### Task to carry out
Copy exactly, and only, the lines from the line containing "cm_coassoc : forall" through the last line of the records below, both included.

### Material provided
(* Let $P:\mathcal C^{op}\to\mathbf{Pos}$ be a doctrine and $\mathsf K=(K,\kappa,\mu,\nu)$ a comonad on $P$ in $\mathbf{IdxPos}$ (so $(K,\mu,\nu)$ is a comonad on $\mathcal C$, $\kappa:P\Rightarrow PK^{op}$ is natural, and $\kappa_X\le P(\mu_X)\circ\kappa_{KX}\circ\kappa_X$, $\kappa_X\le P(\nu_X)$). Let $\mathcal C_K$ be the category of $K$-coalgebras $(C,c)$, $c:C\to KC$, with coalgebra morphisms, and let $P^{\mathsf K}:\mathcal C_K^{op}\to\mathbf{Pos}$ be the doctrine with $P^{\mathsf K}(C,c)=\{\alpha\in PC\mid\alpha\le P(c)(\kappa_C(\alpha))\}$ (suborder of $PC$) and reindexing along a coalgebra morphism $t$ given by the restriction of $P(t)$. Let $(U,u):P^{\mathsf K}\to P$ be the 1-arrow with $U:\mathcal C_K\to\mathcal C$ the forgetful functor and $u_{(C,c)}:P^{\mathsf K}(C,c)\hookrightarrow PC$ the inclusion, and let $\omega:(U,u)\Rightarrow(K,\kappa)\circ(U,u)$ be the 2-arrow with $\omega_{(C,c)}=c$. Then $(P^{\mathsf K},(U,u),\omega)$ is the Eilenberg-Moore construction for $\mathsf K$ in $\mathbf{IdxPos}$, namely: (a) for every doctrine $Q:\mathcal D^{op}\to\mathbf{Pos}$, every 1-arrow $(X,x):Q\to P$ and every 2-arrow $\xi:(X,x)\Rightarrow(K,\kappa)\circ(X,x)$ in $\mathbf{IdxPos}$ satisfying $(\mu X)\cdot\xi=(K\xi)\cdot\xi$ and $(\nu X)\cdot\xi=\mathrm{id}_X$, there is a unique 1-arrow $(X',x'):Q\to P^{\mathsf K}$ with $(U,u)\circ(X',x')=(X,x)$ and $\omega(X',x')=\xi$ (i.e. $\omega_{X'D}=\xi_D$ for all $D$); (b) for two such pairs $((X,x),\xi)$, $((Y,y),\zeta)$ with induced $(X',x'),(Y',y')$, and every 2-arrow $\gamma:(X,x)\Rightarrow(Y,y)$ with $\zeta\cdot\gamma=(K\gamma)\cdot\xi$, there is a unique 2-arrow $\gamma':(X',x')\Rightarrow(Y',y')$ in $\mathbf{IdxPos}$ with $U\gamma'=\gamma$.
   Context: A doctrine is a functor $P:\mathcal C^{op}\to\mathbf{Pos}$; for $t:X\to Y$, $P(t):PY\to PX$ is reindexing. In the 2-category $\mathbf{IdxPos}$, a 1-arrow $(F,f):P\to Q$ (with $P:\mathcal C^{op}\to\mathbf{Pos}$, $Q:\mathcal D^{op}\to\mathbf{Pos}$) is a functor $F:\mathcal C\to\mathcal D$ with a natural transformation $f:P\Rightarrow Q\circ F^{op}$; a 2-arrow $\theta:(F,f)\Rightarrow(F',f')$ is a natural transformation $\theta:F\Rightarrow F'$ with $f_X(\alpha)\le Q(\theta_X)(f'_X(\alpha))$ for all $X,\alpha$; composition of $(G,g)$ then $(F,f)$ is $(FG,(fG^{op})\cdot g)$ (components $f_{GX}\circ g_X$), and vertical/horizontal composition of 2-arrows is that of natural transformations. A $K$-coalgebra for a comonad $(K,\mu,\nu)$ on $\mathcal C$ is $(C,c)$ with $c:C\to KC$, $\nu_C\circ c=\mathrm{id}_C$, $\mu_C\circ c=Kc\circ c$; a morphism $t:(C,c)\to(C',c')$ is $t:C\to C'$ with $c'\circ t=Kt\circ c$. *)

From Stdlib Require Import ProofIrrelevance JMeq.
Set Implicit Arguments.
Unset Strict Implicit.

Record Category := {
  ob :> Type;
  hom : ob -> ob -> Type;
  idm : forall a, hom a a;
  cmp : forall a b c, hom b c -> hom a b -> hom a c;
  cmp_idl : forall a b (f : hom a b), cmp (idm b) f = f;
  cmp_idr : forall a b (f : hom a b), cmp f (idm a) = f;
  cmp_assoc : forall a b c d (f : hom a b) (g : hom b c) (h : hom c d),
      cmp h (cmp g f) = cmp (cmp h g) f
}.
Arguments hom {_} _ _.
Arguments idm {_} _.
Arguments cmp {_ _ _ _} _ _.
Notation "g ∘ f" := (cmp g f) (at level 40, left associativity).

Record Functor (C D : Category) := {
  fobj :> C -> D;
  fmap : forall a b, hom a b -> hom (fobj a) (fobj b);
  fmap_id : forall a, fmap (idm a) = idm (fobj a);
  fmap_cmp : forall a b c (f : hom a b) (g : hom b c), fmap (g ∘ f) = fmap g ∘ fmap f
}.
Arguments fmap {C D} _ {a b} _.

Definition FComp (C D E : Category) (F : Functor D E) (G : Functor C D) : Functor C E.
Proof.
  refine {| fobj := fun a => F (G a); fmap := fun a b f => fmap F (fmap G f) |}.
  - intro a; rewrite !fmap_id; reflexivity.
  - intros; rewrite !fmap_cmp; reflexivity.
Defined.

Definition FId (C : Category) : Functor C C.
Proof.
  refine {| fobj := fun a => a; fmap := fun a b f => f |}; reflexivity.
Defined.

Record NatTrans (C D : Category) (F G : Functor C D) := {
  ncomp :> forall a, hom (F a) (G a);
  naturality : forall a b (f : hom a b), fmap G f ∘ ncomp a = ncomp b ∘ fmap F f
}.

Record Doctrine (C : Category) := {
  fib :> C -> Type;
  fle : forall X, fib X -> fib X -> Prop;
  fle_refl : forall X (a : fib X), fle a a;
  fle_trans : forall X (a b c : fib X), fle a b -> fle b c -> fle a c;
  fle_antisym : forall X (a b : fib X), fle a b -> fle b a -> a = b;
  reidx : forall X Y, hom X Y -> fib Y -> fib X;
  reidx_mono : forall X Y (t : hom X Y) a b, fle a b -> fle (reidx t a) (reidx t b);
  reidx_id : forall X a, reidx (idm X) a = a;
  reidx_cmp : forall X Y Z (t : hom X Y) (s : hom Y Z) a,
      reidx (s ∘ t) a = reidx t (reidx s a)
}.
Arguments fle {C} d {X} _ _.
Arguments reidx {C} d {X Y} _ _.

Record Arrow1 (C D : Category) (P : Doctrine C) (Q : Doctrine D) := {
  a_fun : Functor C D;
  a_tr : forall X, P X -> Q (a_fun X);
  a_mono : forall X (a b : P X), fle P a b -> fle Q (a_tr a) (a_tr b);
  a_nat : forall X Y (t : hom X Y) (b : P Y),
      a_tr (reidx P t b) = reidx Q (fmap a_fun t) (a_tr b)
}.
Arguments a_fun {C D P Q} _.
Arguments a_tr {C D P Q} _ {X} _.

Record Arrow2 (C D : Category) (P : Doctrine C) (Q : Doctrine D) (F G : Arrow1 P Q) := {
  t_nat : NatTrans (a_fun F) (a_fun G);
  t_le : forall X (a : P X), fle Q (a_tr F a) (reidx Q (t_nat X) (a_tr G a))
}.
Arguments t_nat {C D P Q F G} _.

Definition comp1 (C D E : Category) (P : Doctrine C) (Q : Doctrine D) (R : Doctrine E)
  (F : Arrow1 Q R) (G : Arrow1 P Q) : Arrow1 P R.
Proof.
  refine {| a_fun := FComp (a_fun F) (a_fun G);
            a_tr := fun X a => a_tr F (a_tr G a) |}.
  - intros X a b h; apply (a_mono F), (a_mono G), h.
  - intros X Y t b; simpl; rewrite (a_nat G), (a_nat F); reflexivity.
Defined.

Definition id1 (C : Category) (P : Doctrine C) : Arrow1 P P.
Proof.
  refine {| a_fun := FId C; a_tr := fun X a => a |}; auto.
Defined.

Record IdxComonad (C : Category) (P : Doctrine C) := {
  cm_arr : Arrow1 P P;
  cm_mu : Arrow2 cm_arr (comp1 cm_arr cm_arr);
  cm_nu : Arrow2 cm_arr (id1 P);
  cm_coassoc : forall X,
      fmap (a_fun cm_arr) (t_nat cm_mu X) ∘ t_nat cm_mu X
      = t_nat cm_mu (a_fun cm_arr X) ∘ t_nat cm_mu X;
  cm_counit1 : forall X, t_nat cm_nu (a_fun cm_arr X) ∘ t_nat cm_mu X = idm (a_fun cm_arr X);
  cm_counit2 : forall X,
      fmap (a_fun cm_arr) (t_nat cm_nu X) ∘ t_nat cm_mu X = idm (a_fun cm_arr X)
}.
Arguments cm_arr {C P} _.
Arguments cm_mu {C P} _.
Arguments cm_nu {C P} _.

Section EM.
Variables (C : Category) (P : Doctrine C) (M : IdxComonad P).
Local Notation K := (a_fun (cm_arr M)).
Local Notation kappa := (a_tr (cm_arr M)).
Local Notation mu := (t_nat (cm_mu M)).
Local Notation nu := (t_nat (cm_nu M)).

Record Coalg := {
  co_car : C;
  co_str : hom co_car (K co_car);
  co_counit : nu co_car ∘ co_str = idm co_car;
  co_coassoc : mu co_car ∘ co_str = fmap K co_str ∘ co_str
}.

### Response for this exercise
  cm_coassoc : forall X,
      fmap (a_fun cm_arr) (t_nat cm_mu X) ∘ t_nat cm_mu X
      = t_nat cm_mu (a_fun cm_arr X) ∘ t_nat cm_mu X;
  cm_counit1 : forall X, t_nat cm_nu (a_fun cm_arr X) ∘ t_nat cm_mu X = idm (a_fun cm_arr X);
  cm_counit2 : forall X,
      fmap (a_fun cm_arr) (t_nat cm_nu X) ∘ t_nat cm_mu X = idm (a_fun cm_arr X)
}.
Arguments cm_arr {C P} _.
Arguments cm_mu {C P} _.
Arguments cm_nu {C P} _.

Section EM.
Variables (C : Category) (P : Doctrine C) (M : IdxComonad P).
Local Notation K := (a_fun (cm_arr M)).
Local Notation kappa := (a_tr (cm_arr M)).
Local Notation mu := (t_nat (cm_mu M)).
Local Notation nu := (t_nat (cm_nu M)).

Record Coalg := {
  co_car : C;
  co_str : hom co_car (K co_car);
  co_counit : nu co_car ∘ co_str = idm co_car;
  co_coassoc : mu co_car ∘ co_str = fmap K co_str ∘ co_str
}.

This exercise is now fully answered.